Последний раз, когда я пересчитывал эти деньги, там было около пяти тысяч долларов — гораздо меньше, чем хотелось бы. В идеале всегда следует иметь под рукой запас (тоже на всякий пожарный случай) в размере двадцати пяти тысяч, не меньше, и я периодически довожу его до этой суммы, но затем сам и подтибриваю оттуда то на одно, то на другое. Не успеешь оглянуться, как покажется донышко.
Тем более есть все причины заняться наконец делом.
О настоящем работяге можно судить по его инструментам. И о воре — тоже. Я достал связку разнообразных отмычек, щупов и всяких замысловатых полосок металла и припрятал в брючный карман. Был у меня и фонарик, напоминавший по размеру и форме авторучку, и я сунул его во внутренний карман блейзера. Прятать фонарик нет нужды — такие продаются в магазинах по всему городу — и иметь его при себе — вовсе не преступление. А вот носить при себе отмычки — совсем другое дело. Одного факта обладания маленьким набором типа моего достаточно, чтобы отправить его владельца на длительные каникулы куда-нибудь на север штата, за казенный счет. А потому я держу эти орудия труда в тайнике, а вместе с ними — и фонарик, просто чтоб не забыть.

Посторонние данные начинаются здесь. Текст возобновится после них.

(* Let $a>0$ and let $f:(0,\infty)\to(0,\infty)$ be twice continuously differentiable with $f'(x)>0$ and $f''(x)<0$ for all $x>0$, and $\lim_{x\to\infty}f(x)=\infty$. Suppose $x^*>0$ satisfies $f(x^*+1)\le a$. Then there exists a positive integer $n\ge x^*$ such that $0\le a-f(n)\le f'(x^* )$. *)

From Stdlib Require Import Reals.
From Coquelicot Require Export Coquelicot.
Open Scope R_scope.

Definition C2_on_pos (f : R -> R) : Prop :=
  forall x : R, 0 < x ->
    ex_derive f x /\ ex_derive (Derive f) x /\ continuous (Derive (Derive f)) x.

(* Monotonicity of [f] gives an integer [n0] in [[xs, xs + 1]] with [f n0 <= a],
   and [f -> +oo] gives a larger integer where [f > a]; in between there is a last
   integer [N >= n0] with [f N <= a < f (N + 1)].  By the mean value theorem and the
   decrease of [f'], [a - f N < f (N + 1) - f N <= f' N <= f' xs]. *)
From Stdlib Require Import Reals Lra Lia ZArith Classical.
From Coquelicot Require Import Coquelicot.
Open Scope R_scope.

Lemma MVT_Derive (g : R -> R) (x y : R) :
  x <= y -> (forall z, x <= z <= y -> ex_derive g z) ->
  exists c, x <= c <= y /\ g y - g x = Derive g c * (y - x).
Proof.
  intros Hxy Hd.
  destruct (MVT_gen g x y (Derive g)) as [c [Hc Heq]];
    rewrite ?Rmin_left, ?Rmax_right in * by lra.
  - intros z Hz; apply Derive_correct, Hd; lra.
  - intros z Hz; apply continuity_pt_filterlim.
    apply (ex_derive_continuous (V := R_NormedModule)), Hd; lra.
  - exists c; split; assumption.
Qed.

Lemma le_of_Derive_nonneg (g : R -> R) (x y : R) :
  x <= y -> (forall z, x <= z <= y -> ex_derive g z /\ 0 <= Derive g z) ->
  g x <= g y.
Proof.
  intros Hxy Hd.
  destruct (MVT_Derive g x y Hxy) as [c [Hc E]]; [now intros z Hz; apply Hd|].
  assert (0 <= Derive g c) by (apply Hd; lra).
  nra.
Qed.

Lemma ge_of_Derive_nonpos (g : R -> R) (x y : R) :
  x <= y -> (forall z, x <= z <= y -> ex_derive g z /\ Derive g z <= 0) ->
  g y <= g x.
Proof.
  intros Hxy Hd.
  destruct (MVT_Derive g x y Hxy) as [c [Hc E]]; [now intros z Hz; apply Hd|].
  assert (Derive g c <= 0) by (apply Hd; lra).
  nra.
Qed.

Lemma sub_le_Derive_mul (g : R -> R) (x y : R) :
  x <= y -> (forall z, x <= z <= y -> ex_derive g z /\ Derive g z <= Derive g x) ->
  g y - g x <= Derive g x * (y - x).
Proof.
  intros Hxy Hd.
  destruct (MVT_Derive g x y Hxy) as [c [Hc E]]; [now intros z Hz; apply Hd|].
  assert (Derive g c <= Derive g x) by (apply Hd; lra).
  nra.
Qed.

Lemma exists_last_before_failure (P : nat -> Prop) (k n0 : nat) :
  P n0 -> ~ P (n0 + k)%nat ->
  exists n, (n0 <= n)%nat /\ P n /\ ~ P (S n).
Proof.
  revert n0; induction k as [|k IH]; intros n0 Hn0 Hk.
  - now rewrite Nat.add_0_r in Hk.
  - destruct (classic (P (S n0))) as [HS|HS].
    + destruct (IH (S n0) HS) as [n [Hn HPn]].
      * now rewrite Nat.add_succ_r in Hk.
      * exists n; split; [lia | exact HPn].
    + exists n0; split; [lia | now split].
Qed.

Lemma exists_nat_ge_le_add1 (x : R) :
  0 < x -> exists n : nat, (1 <= n)%nat /\ x <= INR n <= x + 1.
Proof.
  intros Hx.
  destruct (archimed x) as [Hup1 Hup2].
  assert (Hu : (0 < up x)%Z) by (apply lt_0_IZR; lra).
  exists (Z.to_nat (up x)).
  rewrite INR_IZR_INZ, Z2Nat.id by lia.
  split; [lia | lra].
Qed.

Lemma exists_nat_gt_of_lim (g : R -> R) (a : R) (n0 : nat) :
  is_lim g p_infty p_infty -> exists k : nat, a < g (INR (n0 + k)).
Proof.
  intros Hlim.
  destruct (Hlim (fun y => a < y)) as [M HM]; [now exists a|].
  destruct (INR_unbounded M) as [k Hk].
  exists k; apply HM.
  rewrite plus_INR; pose proof (pos_INR n0); lra.
Qed.

Theorem lemma6p1 (a : R) (f : R -> R) (xs : R)
  (ha : 0 < a)
  (hpos : forall x : R, 0 < x -> 0 < f x)
  (hC2 : C2_on_pos f)
  (hd1 : forall x : R, 0 < x -> 0 < Derive f x)
  (hd2 : forall x : R, 0 < x -> Derive (Derive f) x < 0)
  (hlim : is_lim f p_infty p_infty)
  (hxs : 0 < xs)
  (hfx : f (xs + 1) <= a) :
  exists n : nat, (1 <= n)%nat /\ xs <= INR n /\
    0 <= a - f (INR n) <= Derive f xs.
Proof.
  assert (f_mono : forall x y, 0 < x -> x <= y -> f x <= f y).
  { intros x y Hx Hxy; apply le_of_Derive_nonneg; [lra|].
    intros z Hz; split; [apply hC2 | apply Rlt_le, hd1]; lra. }
  assert (Df_anti : forall x y, 0 < x -> x <= y -> Derive f y <= Derive f x).
  { intros x y Hx Hxy; apply ge_of_Derive_nonpos; [lra|].
    intros z Hz; split; [apply hC2 | apply Rlt_le, hd2]; lra. }
  destruct (exists_nat_ge_le_add1 xs hxs) as [n0 [Hn0 [Hxn0 Hn0x]]].
  assert (Hfn0 : f (INR n0) <= a) by (apply Rle_trans with (f (xs + 1)); auto; apply f_mono; lra).
  destruct (exists_nat_gt_of_lim f a n0 hlim) as [k Hk].
  destruct (exists_last_before_failure (fun n => f (INR n) <= a) k n0 Hfn0)
    as [N [HN [HfN HfSN]]]; [lra|].
  apply Rnot_le_lt in HfSN; rewrite S_INR in HfSN.
  assert (HxsN : xs <= INR N) by (apply le_INR in HN; lra).
  assert (Hstep : f (INR N + 1) - f (INR N) <= Derive f (INR N) * (INR N + 1 - INR N)).
  { apply sub_le_Derive_mul; [lra|].
    intros z Hz; split; [apply hC2 | apply Df_anti]; lra. }
  assert (Derive f (INR N) <= Derive f xs) by (apply Df_anti; lra).
  exists N; split; [lia|]; split; [lra|]; split; lra.
Qed.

Та же история и с перчатками. Я привык работать в резиновых, ну, типа тех, в которых моют посуду, и даже прорезал в них дырочки для вентиляции. Но теперь появились эти новые, совершенно потрясающие перчатки из тонкой пластиковой пленки, легкие, как перышко, и прохладные, точно огурчик-корнишон, и за сущие гроши их можно купить целый рулон. Я оторвал от рулона пару перчаток, а остальные убрал на место.
Затем задвинул панель, закрыл шкаф, взял атташе-кейс, вышел из квартиры и запер дверь на все замки. Причем сам процесс занял меньше времени, чем рассказ о нем: я зашел в дом в десять тридцать, а вышел на улицу, уже переодетый и экипированный должным образом, без пятнадцати одиннадцать.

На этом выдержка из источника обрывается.